WHAT THE TASK ASKS>
Look at the entries below and restate word for word the lines from the first through the one that has "its support together".

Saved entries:
(* Shifting x by y_t turns each variable factor x_u of a monomial of S_n into
   x_u + y_t(u), and the difference f_{y_t} keeps exactly the expanded terms in
   which some factor took the value y_t(u).  Hence (S_n)_{y_1...y_k} is the sum,
   over all n-sets whose points are labelled either "variable" or by a direction
   t, every direction used at least once, of the corresponding products.  The
   coefficient of x_T collects the labellings whose variable points are exactly
   T, i.e. the colourings of n - m points of [N] \ T by [k] using every colour;
   grouping them by their fibre sizes l gives sums C^T(l) of colourings.
   A colouring with fibre sizes l is the same as an increasing enumeration j of
   its support together with the colour th of each position, so C^T(l) = H^T(l),
   which is (1).  It also arises from exactly prod_t l_t! injections rho in the
   definition of S^T (permute the positions within each block), so
   S^T(l) = (prod_t l_t!) C^T(l); in characteristic p these factorials are units
   because l_t <= n - m - (k - 1) < p, which is (2). *)

Set Implicit Arguments. Unset Strict Implicit. Unset Printing Implicit Defensive.
Section Colourings.
Variables (R : comNzRingType) (N k : nat) (y : 'I_k -> 'I_N -> R).

Definition cweight (c : {ffun 'I_N -> option 'I_k}) : R :=
  \prod_u (if c u is Some t then y t u else 1).

Definition colouring_with (T : {set 'I_N}) (l : 'I_k -> nat)
    (c : {ffun 'I_N -> option 'I_k}) : bool :=
  [forall u, (u \in T) ==> (c u == None)] &&
  [forall t, #|[set u | c u == Some t]| == l t].

Definition Csum (T : {set 'I_N}) (l : 'I_k -> nat) : R :=
  \sum_(c | colouring_with T l c) cweight c.

Lemma eq_Csum T l1 l2 : l1 =1 l2 -> Csum T l1 = Csum T l2.
Proof.
move=> el; apply: eq_bigl => c; congr (_ && _).
by apply: eq_forallb => t; rewrite el.
Qed.

Lemma Csum_nil T : Csum T (fun _ => 0%N) = 1.
Proof.
rewrite /Csum (big_pred1 [ffun=> None]); last first.
  move=> c /=; apply/andP/eqP => [[_ /forallP c0]|->].
    apply/ffunP => u; rewrite ffunE; case cu: (c u) => [t|] //.
    by have := c0 t; rewrite cards_eq0 => /eqP/setP/(_ u); rewrite !inE cu eqxx.
  split; apply/forallP => x; rewrite ?ffunE ?implybT //.
  by rewrite cards_eq0; apply/eqP/setP => u; rewrite !inE ffunE.
by rewrite /cweight big1 // => u _; rewrite ffunE.
Qed.

Definition recolour (u : 'I_N) (v : option 'I_k) (c : {ffun 'I_N -> option 'I_k}) :
    {ffun 'I_N -> option 'I_k} :=
  [ffun x => if x == u then v else c x].

Lemma card_recolour_fibre u (t t' : 'I_k) (c : {ffun 'I_N -> option 'I_k}) :
  c u = None ->
  #|[set x | recolour u (Some t) c x == Some t']| =
  (#|[set x | c x == Some t']| + (t' == t))%N.
Proof.
move=> cu; have [<-|ne] := eqVneq t' t.
  have -> : [set x | recolour u (Some t') c x == Some t'] = u |: [set x | c x == Some t'].
    by apply/setP=> x; rewrite !inE ffunE; case: (x =P u) => [->|_] //=; rewrite eqxx.
  by rewrite cardsU1 inE cu addn1.
rewrite addn0; apply: eq_card => x; rewrite !inE ffunE.
by case: (x =P u) => [->|_] //; rewrite cu; case: eqP => // -[] e; rewrite e eqxx in ne.
Qed.

Section AddPoint.
Variables (T : {set 'I_N}) (l : 'I_k -> nat) (t : 'I_k).
Let l' t' := (l t' + (t' == t))%N.

Lemma Csum_setU1 u : u \notin T ->
  y t u * Csum (u |: T) l = \sum_(c | colouring_with T l' c && (c u == Some t)) cweight c.
Proof.
move=> uT; rewrite /Csum big_distrr /=; apply: esym.
rewrite (reindex_onto (recolour u (Some t)) (recolour u None)) /=; last first.
  move=> c /andP[_ /eqP cu]; apply/ffunP => x; rewrite !ffunE.
  by case: (x =P u) => [->|]; rewrite ?cu.
apply: eq_big => c; last first.
  move=> /andP[_ /eqP e]; have cu : c u = None by rewrite -e ffunE eqxx.
  rewrite /cweight (bigD1 u) //= [X in _ = _ * X](bigD1 u) //= ffunE eqxx cu mul1r.
  by congr (_ * _); apply: eq_bigr => x xu; rewrite ffunE (negbTE xu).
rewrite ffunE eqxx /= eqxx andbT.
have -> : (recolour u None (recolour u (Some t) c) == c) = (c u == None).
  apply/eqP/eqP => [<-|cu]; first by rewrite ffunE eqxx.
  by apply/ffunP => x; rewrite !ffunE; case: (x =P u) => [->|].
have [cu|cu] := eqVneq (c u) None; last first.
  rewrite andbF; apply/esym/negbTE; apply/negP => /andP[/forallP/(_ u)].
  by rewrite setU11 /= (negbTE cu).
rewrite andbT; congr (_ && _); last first.
  by apply: eq_forallb => t'; rewrite card_recolour_fibre // eqn_add2r.
apply/forallP/forallP => cT x; apply/implyP => xT.
  move: xT; rewrite !inE => /orP[/eqP->|xT]; first by rewrite cu.
  have xu : x != u by apply: contraNneq uT => <-.
  by have := cT x; rewrite xT /= ffunE (negbTE xu).
rewrite ffunE; case: (x =P u) => [xu|_]; first by move: xT; rewrite xu (negbTE uT).
by have := cT x; rewrite inE xT orbT.
Qed.

(* A colouring with fibre sizes [l'] arises from each of its [l' t] points of
   colour [t] by colouring that point. *)
Lemma Csum_add_point :
  \sum_(u | u \notin T) y t u * Csum (u |: T) l = (l t).+1%:R * Csum T l'.
Proof.
rewrite (eq_bigr _ Csum_setU1).
rewrite (exchange_big_dep (colouring_with T l')) /=; last by move=> u c _ /andP[].
rewrite /Csum big_distrr /=; apply: eq_bigr => c cl'.
have /andP[/forallP cT /forallP cl] := cl'.
rewrite (eq_bigl (fun u => u \in [set u | c u == Some t])); last first.
  move=> u; rewrite inE cl' /= andbC; case: eqP => //= cu.
  by apply/negP => uT; have := cT u; rewrite uT cu.
by rewrite sumr_const (eqP (cl t)) /l' eqxx addn1 mulr_natl.
Qed.

End AddPoint.

Definition Sinj (T : {set 'I_N}) (L : nat) (w : seq ('I_N -> R)) : R :=
  \sum_(rho : {ffun 'I_L -> 'I_N} | injectiveb rho && [forall i, rho i \notin T])
    \prod_(i < L) nth (fun _ => 0) w i (rho i).

Definition ffun_cons L (u : 'I_N) (rho : {ffun 'I_L -> 'I_N}) : {ffun 'I_L.+1 -> 'I_N} :=
  [ffun i => if unlift ord0 i is Some i' then rho i' else u].

Definition ffun_behead L (rho : {ffun 'I_L.+1 -> 'I_N}) : {ffun 'I_L -> 'I_N} :=
  [ffun i => rho (lift ord0 i)].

SOLUTION FOR THIS TASK>
(* Shifting x by y_t turns each variable factor x_u of a monomial of S_n into
   x_u + y_t(u), and the difference f_{y_t} keeps exactly the expanded terms in
   which some factor took the value y_t(u).  Hence (S_n)_{y_1...y_k} is the sum,
   over all n-sets whose points are labelled either "variable" or by a direction
   t, every direction used at least once, of the corresponding products.  The
   coefficient of x_T collects the labellings whose variable points are exactly
   T, i.e. the colourings of n - m points of [N] \ T by [k] using every colour;
   grouping them by their fibre sizes l gives sums C^T(l) of colourings.
   A colouring with fibre sizes l is the same as an increasing enumeration j of
   its support together with the colour th of each position, so C^T(l) = H^T(l),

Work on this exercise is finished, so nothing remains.